Ford government finding new ways to elicit change
Ontario Premier Doug Ford’s new government has dug deep to find the rarely used parliamentary tools to quickly push through legislative change without having to draw up new bills, Toronto civil litigator Stephany Mandin tells Law Times.
Usually, the provincial government will introduce new bills and use its majority to initiate change, says Law Times.
But the Ford government has been employing Orders in Council to suspend rules involving vaping, ticket scalping and the need for doctors to document and report vaccinations. Instead of coming up with new legislation, Law Times notes the Progressive Conservative government has simply revoked some policies and programs — in particular, the sex education curriculum — to allow for further study.
“Honestly, it’s quite unusual, but it is there in the legislation,” Mandin tells AdvocateDaily.com. “It’s just not a frequently used section.”

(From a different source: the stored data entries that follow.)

(* Let $X$ be a finite set and $F_X:\mathbf{pow}(X)\to\mathbb{R}$ a filtration. Then for every $\sigma\in\mathbf{pow}(X)$, $$F_X(\sigma)=\min\{T_X(\sigma)\mid T_X \text{ is a tree filtration over }X\text{ with }T_X(\tau)\geq F_X(\tau)\text{ for all }\tau\in\mathbf{pow}(X)\},$$ and the minimum may be taken over a finite set of such tree filtrations.
   Context: $\mathbf{pow}(X)$ is the set of nonempty subsets of $X$. A filtration over $X$ is an order-preserving map $F_X:(\mathbf{pow}(X),\subset)\to(\mathbb{R},\leq)$. A symmetric ultranetwork over $X$ is a map $U_X:X\times X\to\mathbb{R}$ with $U_X(x,x')=U_X(x',x)$ and $U_X(x,x'')\leq\max\{U_X(x,x'),U_X(x',x'')\}$ for all $x,x',x''\in X$. A tree filtration is a filtration of the form $T_X(\sigma)=\max_{x,x'\in\sigma}U_X(x,x')$ for some symmetric ultranetwork $U_X$ (its Vietoris–Rips filtration). *)

From mathcomp Require Import all_boot all_order all_algebra.
From mathcomp Require Export reals.
Set Implicit Arguments. Unset Strict Implicit. Unset Printing Implicit Defensive.
Import Order.TTheory GRing.Theory Num.Theory.
Local Open Scope ring_scope.

(* Functions on pow(X) are represented as functions {set X} -> R; only their
   values on nonempty subsets matter. *)

Definition filtration (R : realType) (X : finType) (F : {set X} -> R) : Prop :=
  forall s t : {set X}, s != set0 -> t != set0 -> s \subset t -> F s <= F t.

Definition sym_ultranetwork (R : realType) (X : finType) (U : X -> X -> R) : Prop :=
  (forall x x', U x x' = U x' x) /\
  (forall x x' x'', U x x'' <= Num.max (U x x') (U x' x'')).

(* T is the Vietoris-Rips filtration of U: T(s) = max_{x,x' in s} U(x,x')
   for every nonempty s (the maximum written out). *)
Definition is_VR_of (R : realType) (X : finType) (U : X -> X -> R)
    (T : {set X} -> R) : Prop :=
  forall s : {set X}, s != set0 ->
    (exists x x', [/\ x \in s, x' \in s & T s = U x x']) /\
    (forall x x', x \in s -> x' \in s -> U x x' <= T s).

Definition tree_filtration (R : realType) (X : finType) (T : {set X} -> R) : Prop :=
  exists U : X -> X -> R, sym_ultranetwork U /\ is_VR_of U T.

Definition dominates (R : realType) (X : finType) (T F : {set X} -> R) : Prop :=
  forall t : {set X}, t != set0 -> F t <= T t.

(* A filtration F is dominated by the tree filtration that equals F(s) on the
   subsets of s and F(X) elsewhere: it is the Vietoris-Rips filtration of the
   ultranetwork with value F(s) on s x s and F(X) off it, monotonicity of F
   gives domination, and it agrees with F at s.  One such tree filtration per
   subset s yields the finite family. *)
From mathcomp Require Import all_boot all_order all_algebra.
From mathcomp Require Import reals.
Set Implicit Arguments. Unset Strict Implicit. Unset Printing Implicit Defensive.
Import Order.TTheory GRing.Theory Num.Theory.
Local Open Scope ring_scope.

Section StepUltranetwork.
Variables (R : realType) (X : finType) (A : {set X}) (a b : R).
Hypothesis le_ab : A != set0 -> a <= b.

Definition step_ultranetwork (x y : X) : R :=
  if (x \in A) && (y \in A) then a else b.

Definition step_filtration (t : {set X}) : R :=
  if t \subset A then a else b.

Lemma sym_ultranetwork_step : sym_ultranetwork step_ultranetwork.
Proof.
split=> [x y | x y z]; first by rewrite /step_ultranetwork andbC.
rewrite /step_ultranetwork.
case: (boolP (x \in A)) => xA; case: (y \in A); case: (z \in A);
  rewrite /= ?le_max ?lexx ?orbT //.
by rewrite le_ab //; apply/set0Pn; exists x.
Qed.

Lemma is_VR_of_step : is_VR_of step_ultranetwork step_filtration.
Proof.
move=> t /set0Pn[x0 x0t]; rewrite /step_filtration /step_ultranetwork.
have [tA | /subsetPn[x xt xNA]] := boolP (t \subset A).
  split=> [|x y xt yt]; last by rewrite !(subsetP tA).
  by exists x0, x0; rewrite !(subsetP tA).
split=> [|y z _ _]; first by exists x, x; rewrite (negbTE xNA).
by case: ifP => // /andP[yA _]; apply: le_ab; apply/set0Pn; exists y.
Qed.

Lemma tree_filtration_step : tree_filtration step_filtration.
Proof. by exists step_ultranetwork; split; [exact: sym_ultranetwork_step | exact: is_VR_of_step]. Qed.

End StepUltranetwork.

Section StepDominates.
Variables (R : realType) (X : finType) (F : {set X} -> R).
Hypothesis filtF : filtration F.

Lemma filtration_le_setT (t : {set X}) : t != set0 -> F t <= F setT.
Proof.
move=> t0; apply: filtF; rewrite ?subsetT //.
by apply/set0Pn; case/set0Pn: t0 => x _; exists x; rewrite inE.
Qed.

Definition step_cover (s : {set X}) : {set X} -> R :=
  step_filtration s (F s) (F setT).

Lemma step_cover_id (s : {set X}) : step_cover s s = F s.
Proof. by rewrite /step_cover /step_filtration subxx. Qed.

Lemma tree_filtration_step_cover (s : {set X}) : tree_filtration (step_cover s).
Proof. exact/tree_filtration_step/filtration_le_setT. Qed.

Lemma dominates_step_cover (s : {set X}) : dominates (step_cover s) F.
Proof.
move=> t t0; rewrite /step_cover /step_filtration.
case: ifP => [ts | _]; last exact: filtration_le_setT.
apply: filtF => //; apply/set0Pn; case/set0Pn: t0 => x xt.
by exists x; apply: (subsetP ts).
Qed.

End StepDominates.

Theorem mainTheorem5 (R : realType) (X : finType) (F : {set X} -> R) :
  filtration F ->
  (forall s : {set X}, s != set0 ->
     (exists T : {set X} -> R, [/\ tree_filtration T, dominates T F & T s = F s]) /\
     (forall T : {set X} -> R, tree_filtration T -> dominates T F -> F s <= T s)) /\
  (exists (n : nat) (Ts : 'I_n -> {set X} -> R),
     (forall i, tree_filtration (Ts i) /\ dominates (Ts i) F) /\
     (forall s : {set X}, s != set0 -> exists i, Ts i s = F s)).
Proof.
move=> filtF; split=> [s s0 | ].
  split=> [|T _ domT]; last exact: domT.
  exists (step_cover F s); split; first exact: tree_filtration_step_cover.
    exact: dominates_step_cover.
  exact: step_cover_id.
exists #|{set X}|, (fun i => step_cover F (enum_val i)); split=> [i | s _].
  by split; [exact: tree_filtration_step_cover | exact: dominates_step_cover].
by exists (enum_rank s); rewrite enum_rankK step_cover_id.
Qed.
(* For $1\le p<\infty$ and $N\ge1$, let $F_p:(\mathbb{R}^N\setminus\{0\})\times\mathbb{S}(N)\to\mathbb{R}$, $$F_p(\nu,X)=-|\nu|^{p-2}\Big[\operatorname{tr}X+(p-2)\Big\langle X\frac{\nu}{|\nu|},\frac{\nu}{|\nu|}\Big\rangle\Big],$$ regarded as a function on $\mathcal{D}=\Omega\times\mathbb{R}\times(\mathbb{R}^N\setminus\{0\})\times\mathbb{S}(N)$ independent of the $x$ and $u$ variables. Then $F_p$ belongs to Class M if and only if $p\in(1,\infty)$.
   Context: $\mathbb{S}(N)$ is the space of real symmetric $N\times N$ matrices with the Löwner order; $\lambda_1(X)\le\dots\le\lambda_N(X)$ are the eigenvalues of $X$. Class M (for $F:\mathcal{D}\to\mathbb{R}$, $\mathcal{D}\subseteq\Omega\times\mathbb{R}\times\mathbb{R}^N\times\mathbb{S}(N)$): $F$ is continuous in its matrix entry, and for every $\omega$ and sets $\mathcal{S}_1,\mathcal{S}_2\subseteq\mathbb{S}(N)$ with $\{\omega\}\times\mathcal{S}_i\subseteq\mathcal{D}$, there exist $g_i:\mathbb{R}\times\mathcal{S}_i\to\mathbb{R}$ (possibly depending on $\omega$) such that: (1) for each fixed $M_0\in\mathcal{S}_i$, $t\mapsto g_i(t,M_0)$ is an increasing bijection $\mathbb{R}\to\mathbb{R}$, with inverse $s\mapsto g_i(-,M_0)^{-1}(s)$; (2) $M\mapsto g_i(-,M)^{-1}(0)$ is continuous on $\mathcal{S}_i$; (3) for $M\in\mathcal{S}_1$, if $(\omega,X)\in\mathcal{D}$ and $X\le M$ then $-F(\omega,X)\le g_1(\lambda_1(X),M)$; (4) for $M\in\mathcal{S}_2$, if $(\omega,Y)\in\mathcal{D}$ and $-Y\le M$ then $-F(\omega,Y)\ge g_2(\lambda_N(Y),M)$. *)

From HB Require Import structures.
From mathcomp Require Import all_boot all_order all_algebra.
From mathcomp Require Import all_classical all_reals all_analysis.
Set Implicit Arguments. Unset Strict Implicit. Unset Printing Implicit Defensive.
Import Order.TTheory GRing.Theory Num.Theory.
Import numFieldNormedType.Exports.
Local Open Scope classical_set_scope.
Local Open Scope ring_scope.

There was an awkward moment during the election campaign when Ford was asked by a reporter to explain how a bill is passed in Ontario. He refused.
But Law Times suggests Ford is now “schooling” his detractors by using various parliamentary tools to enact policy and legislation.
By evoking c. 21, Sched. F, s. 75 (1) of the Legislation Act, 2006, the government was able to use Orders in Council to revoke acts proclaimed but not yet in effect. Mandin says the Legislation Act gave the government the opportunity to make these moves.
“It’s rarely invoked and there’s so much work that does into a bill becoming law and then being published as public notice that simply revoking it by Order in Council suggests a lack of transparency,” says Mandin, founder of Mandin Law who practices civil, constitutional and administrative law.
Law Times suggests the provincial government skirted the process of using bills to introduce its agenda. Although the Tories hold a majority of seats, procedural wrangling could stall and delay implementation of new legislation.
“We’re in relatively uncharted territory here as there is not a lot of experience with this provision of the legislation,” Mandin says.